Last week we looked at the "Modding" scene (pinball... not piercings *snicker snicker*) , specifically the different "physical" ways that pinball aficionados modified their games to suit their tastes. That included adding toys, changing game artwork, and personalizing bits of their games to make them specifically their own.
This week we're going to look at another huge side of modding, and that is the LIGHTING side. This type of modification involves the changing of lights in a game, most commonly from incandescent bulbs to newer, more versatile, LED types. This is done to suit the owners taste, and in many cases, improve the look of a game. There is also a huge benefit to LED's, in that they're cooler than older style incandescent bulbs, and they typically last thousands of hours longer. The added color potential of LED's also means one can change the look of the game, as old style bulbs only came in white, 99% of the time. The downside to using LED's is that in many cases they do not look the same as older bulbs, and pinball players like what they are accustomed to and find LED lighting to be ugly or negatively impact play. Also in earlier years, LED's were not as sophisticated and the results were less than promising, resulting in older incandescent bulbs holding favor until now.
LED's in pinball machines are nothing new, some games came with them (behind the scenes on pinball circuit boards) as early as the mid 70's on early Solid State games, and visible to the pinball player as early as 1987 (seen there in the shooter lane area on a Premier: Arena pinball game). Stern pinball has been messing with them to replace old style incandescent bulbs since at least 2004, but as you can see in the first 5 mins of that video (courtesy of mdclayton), LED's at the time were not quite as sophisticated as today and had issues, resulting in Stern continuing to use older bulbs until last year.

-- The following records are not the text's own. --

Section Meet.
Variables (R : realType) (N : nat) (D : {set digit N}) (F : set (R * R)).
Hypothesis N_gt1 : (1 < N)%N.
Hypothesis F_unit : forall p, F p -> in_unit_square p.
Hypothesis F_decomp : forall p, F p -> exists d q, [/\ d \in D, F q & p = phi d q].
Hypothesis F_phi : forall d q, d \in D -> F q -> F (phi d q).

Definition meet (i j : digit N) : set (R * R) := (phi i @` F) `&` (phi j @` F).
Definition meet2 (i j i' j' : digit N) : set (R * R) :=
  (phi2 i i' @` F) `&` (phi2 j j' @` F).

Lemma meetC i j : meet i j = meet j i.
Proof. exact: setIC. Qed.

Lemma meet2C i j i' j' : meet2 i j i' j' = meet2 j i j' i'.
Proof. exact: setIC. Qed.

Lemma meet2_sub_meet i j i' j' : i' \in D -> j' \in D -> meet2 i j i' j' `<=` meet i j.
Proof.
move=> Di' Dj' y [[a' Fa' <-] [b' Fb' e]].
by split; [exists (phi i' a') | exists (phi j' b')]; rewrite //; apply: F_phi.
Qed.

Lemma meet_decomp i j y : meet i j y ->
  exists i' j', [/\ i' \in D, j' \in D & meet2 i j i' j' y].
Proof.
move=> [[a /F_decomp [i' [a' [Di' Fa' ->]]] ya] [b /F_decomp [j' [b' [Dj' Fb' ->]]] yb]].
by exists i', j'; split=> //; split; [exists a' | exists b'].
Qed.

Lemma meet_pcoord_neq i j c y : dcoord c i != dcoord c j -> meet i j y ->
  N%:R * pcoord c y = (maxn (dcoord c i) (dcoord c j))%:R.
Proof.
move=> ijc [[a Fa <-] [b Fb ba]].
by case: (phi_eq_pcoord_neq N_gt1 (F_unit Fa) (F_unit Fb) (esym ba) ijc).
Qed.

Section SingleMeet.
Variables (i j : digit N) (x : R * R).
Hypotheses (ij : i != j) (meet_x : meet i j `<=` [set x]).

Lemma meet_single_slice c (a b u v : R * R) : F b -> F u -> F v ->
  phi i a = x -> phi i a = phi j b -> dcoord c i = dcoord c j ->
  pcoord (~~ c) u = pcoord (~~ c) a -> pcoord (~~ c) v = pcoord (~~ c) b ->
  pcoord c u = pcoord c v -> u = a.
Proof.
move=> Fb Fu Fv ax ab ijc ua vb uv; apply: (@phi_inj _ _ N_gt1 i); rewrite ax.
apply: meet_x; split; first by exists u.
by exists v => //; rewrite (phi_eq_shift N_gt1 ab ijc ua vb uv).
Qed.

Lemma meet_single_dcoord c (i1 i2 j1 : digit N) (a1 a2 b1 : R * R) :
  i1 \in D -> j1 \in D -> F a1 -> F a2 -> F b1 ->
  phi i (phi i1 a1) = x -> phi i (phi i2 a2) = x ->
  phi i (phi i1 a1) = phi j (phi j1 b1) -> dcoord c i1 = dcoord c i2.
Proof.
move=> Di1 Dj1 Fa1 Fa2 Fb1 x1 x2 e.
have a12 : phi i1 a1 = phi i2 a2 by apply: (@phi_inj _ _ N_gt1 i); rewrite x1 x2.
set a := phi i1 a1 in x1 e a12; set b := phi j1 b1 in e.
have [Fa Fb] : F a /\ F b by split; apply: F_phi.
have ua := F_unit Fa; have ub := F_unit Fb.
have u1 := F_unit Fa1; have u2 := F_unit Fa2; have v1 := F_unit Fb1.
case: (eqVneq (dcoord c i) (dcoord c j)) => ijc; last first.
  have [ac _ _] := phi_eq_pcoord_neq N_gt1 ua ub e ijc.
  have [_ ->] := pcoord_phi_bit N_gt1 u1 ac.
  by rewrite a12 in ac; have [_ ->] := pcoord_phi_bit N_gt1 u2 ac.
have [anc bnc _] := phi_eq_pcoord_neq N_gt1 ua ub e (dcoord_negb_neq ij ijc).
have [a1nc _] := pcoord_phi_bit N_gt1 u1 anc.
have [a2nc _] := pcoord_phi_bit N_gt1 u2 (etrans (congr1 (pcoord (~~ c)) (esym a12)) anc).
have [b1nc _] := pcoord_phi_bit N_gt1 v1 bnc.
case: (eqVneq (dcoord c i1) (dcoord c i2)) => // i12; exfalso.
(* Now N a_c = k lies strictly between 0 and N, whereas b1_c is 0 or 1, hence equal
   to a1_c or to a2_c; the slice lemma identifies that point with a. *)
have [a1c a2c Nac] := phi_eq_pcoord_neq N_gt1 u1 u2 a12 i12.
set k := maxn _ _ in Nac.
have : pcoord c b1 + (dcoord c j1)%:R = k%:R.
  rewrite -(pcoord_phi N_gt1) -Nac; congr (_ * _).
  exact/esym/(phi_eq_pcoord_eq N_gt1 e ijc).
move=> /(unit_add_natr_eq_natr (v1 c)) [b1c _].
have [u [Fu uc unc]] :
    exists u, [/\ F u, pcoord c u = pcoord c b1 & pcoord (~~ c) u = pcoord (~~ c) a].
  have i21 : (dcoord c i2 < dcoord c i1)%N = ~~ (dcoord c i1 < dcoord c i2)%N.
    by move: i12; case: (ltngtP (dcoord c i1) (dcoord c i2)).
  rewrite b1c; case: (boolP ((dcoord c j1 < k)%N == (dcoord c i1 < dcoord c i2)%N)).
    by move=> /eqP->; exists a1; rewrite a1c a1nc anc.
  by move=> h; exists a2; rewrite a2c a2nc anc i21; move: h; do 2!case: (_ < _)%N.
have ua1 := meet_single_slice Fb Fu Fb1 x1 e ijc unc (etrans b1nc (esym bnc)) uc.
move: Nac; rewrite -/a -ua1 uc b1c -natrM.
case: (dcoord c j1 < k)%N; rewrite /= ?muln1 ?muln0 => /eqP; rewrite eqr_nat /k => /eqP.
all: by have := dcoord_lt c i1; have := dcoord_lt c i2; move/eqP: i12; lia.
Qed.

Lemma meet_single_meet2_fst (i1 j1 i2 j2 : digit N) :
  i1 \in D -> j1 \in D -> i2 \in D -> j2 \in D ->
  meet2 i j i1 j1 !=set0 -> meet2 i j i2 j2 !=set0 -> i1 = i2.
Proof.
move=> Di1 Dj1 Di2 Dj2 [y y12] [z z12].
have yx : y = x by apply: meet_x; apply: (meet2_sub_meet Di1 Dj1 y12).
have zx : z = x by apply: meet_x; apply: (meet2_sub_meet Di2 Dj2 z12).
case: y12 z12 => -[a1 Fa1 ay] [b1 Fb1 e] [[a2 Fa2 az] _].
have dc c := meet_single_dcoord c Di1 Dj1 Fa1 Fa2 Fb1 (etrans ay yx) (etrans az zx)
  (etrans ay (esym e)).
exact: (dcoord_eq (dc true) (dc false)).
Qed.

End SingleMeet.

Lemma meet_single_meet2_snd (i j : digit N) x (i1 j1 i2 j2 : digit N) :
  i != j -> meet i j `<=` [set x] ->
  i1 \in D -> j1 \in D -> i2 \in D -> j2 \in D ->
  meet2 i j i1 j1 !=set0 -> meet2 i j i2 j2 !=set0 -> j1 = j2.
Proof.
rewrite meetC (meet2C i j i1) (meet2C i j i2) eq_sym => ji meet_x Di1 Dj1 Di2 Dj2.
exact: (meet_single_meet2_fst ji meet_x Dj1 Di1 Dj2 Di2).
Qed.

Lemma meet_single_edge_digit (i j : digit N) x (i' j' : digit N) c :
  i != j -> meet i j `<=` [set x] -> i' \in D -> j' \in D ->
  meet2 i j i' j' !=set0 -> edge_digit c i' -> edge_digit c j'.
Proof.
move=> ij meet_x Di' Dj' ne; have [y [[a' Fa' ya] [b' Fb' yb]]] := ne.
rewrite /phi2 /= in ya yb.
set a := phi i' a' in ya; set b := phi j' b' in yb.
have Fa : F a by apply: F_phi.
have Fb : F b by apply: F_phi.
have e : phi i a = phi j b by rewrite ya yb.
have ua' := F_unit Fa'; have ub' := F_unit Fb'.
case: (eqVneq (dcoord c i) (dcoord c j)) => ijc; last first.
  have [_ bc _] := phi_eq_pcoord_neq N_gt1 (F_unit Fa) (F_unit Fb) e ijc.
  by move=> _; apply: (@edge_digit_if _ _ _ _ (pcoord_phi_bit N_gt1 ub' bc).2).
rewrite /edge_digit.
case: (eqVneq (dcoord c i') (dcoord c j')) => [<- // | ijc' ei']; exfalso.
have [anc bnc _] :=
  phi_eq_pcoord_neq N_gt1 (F_unit Fa) (F_unit Fb) e (dcoord_negb_neq ij ijc).
have [a'nc _] := pcoord_phi_bit N_gt1 ua' anc.
have [b'nc j'nc] := pcoord_phi_bit N_gt1 ub' bnc.
have abc := phi_eq_pcoord_eq N_gt1 e ijc.
have e' : pcoord c a' + (dcoord c i')%:R = pcoord c b' + (dcoord c j')%:R.
  by rewrite -!(pcoord_phi N_gt1) abc.
have [_ b'c _] := unit_add_natr_eq (ua' c) (ub' c) e' ijc'.
have [d [u [Dd Fu b'E]]] := F_decomp Fb'.
have dc : dcoord c d = dcoord c i'.
  move: b'c; rewrite b'E => /(pcoord_phi_bit N_gt1 (F_unit Fu)) [_ ->].
  have := dcoord_lt c i'; have := dcoord_lt c j'; move: ei' ijc'.
  by case: (ltngtP (dcoord c j') (dcoord c i')); lia.
have dnc : dcoord (~~ c) d = dcoord (~~ c) j'.
  by move: b'nc; rewrite b'E j'nc => /(pcoord_phi_bit N_gt1 (F_unit Fu)) [_ ->].
suff /(meet_single_meet2_snd ij meet_x Di' Dj' Di' Dd ne) j'd : meet2 i j i' d !=set0.
  by rewrite j'd dc eqxx in ijc'.
exists (phi i (phi i' a)); split; first by exists a.
exists b => //; rewrite /phi2 /=; symmetry.
apply: (phi_eq_shift N_gt1 e ijc).
- by apply: (pcoord_phi_congr N_gt1); rewrite // anc a'nc.
- by apply: (pcoord_phi_congr N_gt1); rewrite // bnc b'nc.
- exact: (pcoord_phi_congr N_gt1 abc (esym dc)).
Qed.

Section UniqueMeet2.
Variables (i j i' j' : digit N).
Hypotheses (ij : i != j) (Di : i \in D) (Di' : i' \in D) (Dj' : j' \in D).
Hypothesis meet_sub : meet i j `<=` meet2 i j i' j'.

Lemma meet2_unique_pcoord_neq c y :
  dcoord c i = dcoord c j -> dcoord c i' != dcoord c j' -> meet i j y ->
  N%:R * (N%:R * pcoord c y) =
    (maxn (dcoord c i') (dcoord c j'))%:R + N%:R * (dcoord c i)%:R.
Proof.
move=> ijc ijc' /meet_sub [[a' Fa' <-] [b' Fb' e]].
rewrite /phi2 /= in e *; rewrite pcoord_phi // mulrDr pcoord_phi //.
have abc := phi_eq_pcoord_eq N_gt1 (esym e) ijc.
have e' : pcoord c a' + (dcoord c i')%:R = pcoord c b' + (dcoord c j')%:R.
  by rewrite -!(pcoord_phi N_gt1) abc.
by have [_ _ ->] := unit_add_natr_eq (F_unit Fa' c) (F_unit Fb' c) e' ijc'.
Qed.

Lemma meet2_unique_pcoord_eq c :
  dcoord c i = dcoord c j -> dcoord c i' = dcoord c j' ->
  is_subset1 [set pcoord c y | y in meet i j].
Proof.
move=> ijc ijc'.
(* With y = phi_i (phi_i' a'), the point phi_i a' is again in [meet i j] and
   N y_c = (phi_i a')_c + K. *)
set K : R := ((dcoord c i')%:R + N%:R * (dcoord c i)%:R - (dcoord c i)%:R) / N%:R.
apply: (expanding_subset1 (K := K) N_gt1).
  by move=> _ [y [[a Fa <-] _] <-]; apply: F_unit; apply: F_phi.
move=> _ [y /meet_sub [[a' Fa' <-] [b' Fb' e]] <-]; rewrite /phi2 /= in e *.
have [Fa Fb] : F (phi i' a') /\ F (phi j' b') by split; apply: F_phi.
have [anc bnc _] := phi_eq_pcoord_neq N_gt1 (F_unit Fa) (F_unit Fb) (esym e)
  (dcoord_negb_neq ij ijc).
have e1 : phi i a' = phi j b'.
  apply: (phi_eq_shift N_gt1 (esym e) ijc).
  - by rewrite anc; apply: (pcoord_phi_bit N_gt1 (F_unit Fa') anc).1.
  - by rewrite bnc; apply: (pcoord_phi_bit N_gt1 (F_unit Fb') bnc).1.
  - exact: (pcoord_phi_inj N_gt1 (phi_eq_pcoord_eq N_gt1 (esym e) ijc) ijc').
exists (pcoord c (phi i a')); first by exists (phi i a'); split; [exists a' | exists b'].
apply: (mulfI (natrN_neq0 R N_gt1)); rewrite mulrDr [_ * K]mulrC divfK ?natrN_neq0 //.
rewrite !pcoord_phi // mulrDr pcoord_phi //; ring.
Qed.

Lemma meet2_unique_subset1 : is_subset1 (meet i j).
Proof.
move=> y z my mz.
have NN := natrN_neq0 R N_gt1.
have yz c : pcoord c y = pcoord c z.
  case: (eqVneq (dcoord c i) (dcoord c j)) => ijc; last first.
    by apply: (mulfI NN); rewrite !(meet_pcoord_neq ijc).
  case: (eqVneq (dcoord c i') (dcoord c j')) => ijc'; last first.
    by apply: (mulfI NN); apply: (mulfI NN); rewrite !(meet2_unique_pcoord_neq ijc ijc').
  by apply: (meet2_unique_pcoord_eq ijc ijc'); [exists y | exists z].
exact: (pcoord_eq (yz true) (yz false)).
Qed.

End UniqueMeet2.

End Meet.

Theorem mainTheorem12 (R : realType) (N : nat) (D : {set digit N})
    (F : set (R * R)) :
  GSC_data D -> is_attractor D F -> connected F ->
  forall i j : digit N, i \in D -> j \in D -> i != j ->
  ((exists x : R * R, (phi i @` F) `&` (phi j @` F) = [set x]) <->
   (exists! p : digit N * digit N,
      (p.1 \in D /\ p.2 \in D) /\
      (phi2 i p.1 @` F) `&` (phi2 j p.2 @` F) !=set0)) /\
  ((exists x : R * R, (phi i @` F) `&` (phi j @` F) = [set x]) ->
   forall i' j' : digit N, i' \in D -> j' \in D ->
   (phi2 i i' @` F) `&` (phi2 j j' @` F) !=set0 ->
   corner_digit i' -> corner_digit j').
Proof.
move=> [N_gt1 _] F_attr _ i j Di Dj ij.
have F_unit := attractor_in_unit_square N_gt1 F_attr.
have F_decomp := attractor_decomp F_attr.
have F_phi := attractor_phi F_attr.
split; first split.
- move=> [x meetE]; have meet_x : meet F i j `<=` [set x] by rewrite /meet meetE.
  have [i' [j' [Di' Dj' mx]]] : exists i' j', [/\ i' \in D, j' \in D & meet2 F i j i' j' x].
    by apply: (meet_decomp F_decomp); rewrite /meet meetE.
  have ne : meet2 F i j i' j' !=set0 by exists x.
  exists (i', j'); split=> // -[i2 j2] [[/= Di2 Dj2] ne2].
  by rewrite (meet_single_meet2_fst N_gt1 F_unit F_phi ij meet_x Di' Dj' Di2 Dj2 ne ne2)
    (meet_single_meet2_snd N_gt1 F_unit F_phi ij meet_x Di' Dj' Di2 Dj2 ne ne2).
- move=> [[i' j'] [[[/= Di' Dj'] [y my]] uniq]].
  have meet_sub : meet F i j `<=` meet2 F i j i' j'.
    move=> z /(meet_decomp F_decomp) [i2 [j2 [Di2 Dj2 mz]]].
    by case: (uniq (i2, j2) (conj (conj Di2 Dj2) (ex_intro _ z mz))) => -> ->.
  have my1 := meet2_sub_meet F_phi Di' Dj' my.
  exists y; apply/seteqP; split=> [z mz | _ ->] //.
  exact: (meet2_unique_subset1 N_gt1 F_unit F_phi ij Di Di' Dj' meet_sub mz my1).
- move=> [x meetE] i' j' Di' Dj' ne; rewrite !corner_digitE => /andP[ei1 ei2].
  have meet_x : meet F i j `<=` [set x] by rewrite /meet meetE.
  by apply/andP; split;
    apply: (meet_single_edge_digit N_gt1 F_unit F_decomp F_phi ij meet_x Di' Dj' ne).
Qed.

|Incandescent 555 wedge bulb on the left, it's LED equivalent on the right (old school flasher up top)...|
LED bulbs have gotten better lately, and are now available in many different colors, configurations, and brightnesses that can make older games really pop.
This has led to several major LED bulb vendors for the pinball community for hobbyists and owners to really trick out their games and modify the game's lighting.
|Metallica with custom LED lighting throughout|
Some major LED vendors for the community are:
Comet Pinball (My personal favorite, great prices, great variety!)
|Black Knight plastic with blue LED underneath|
|Check out that moon! LED bulb ADDED to that spot for extra effect!!!|
With improvements in LED design, you now have dozens if not hundreds of different bulb styles and options to get the light and color just right for you. These vendors even provide entire kits so that you can just tell them the game you want to light up and they will send you all the bulbs in all the right colors to make your game look its best. The LED's themselves have been improved and many of the issues that people faced years ago are gone, so that even Stern has now adopted LED lighting as standard throughout all of their models.
|LED lighting on Stern's Star Trek: Pro|
This begs the question: "Is the old school incandescent going the way of the Dodo???" Not necessarily, as certain players and collectors will always want to remain traditional and not switch their games over, but for most other people and their games, as well as all newly manufactured titles from here on out, LED's seem to be here to stay. I guess you could say that Pinball is now officially in "The LED Era".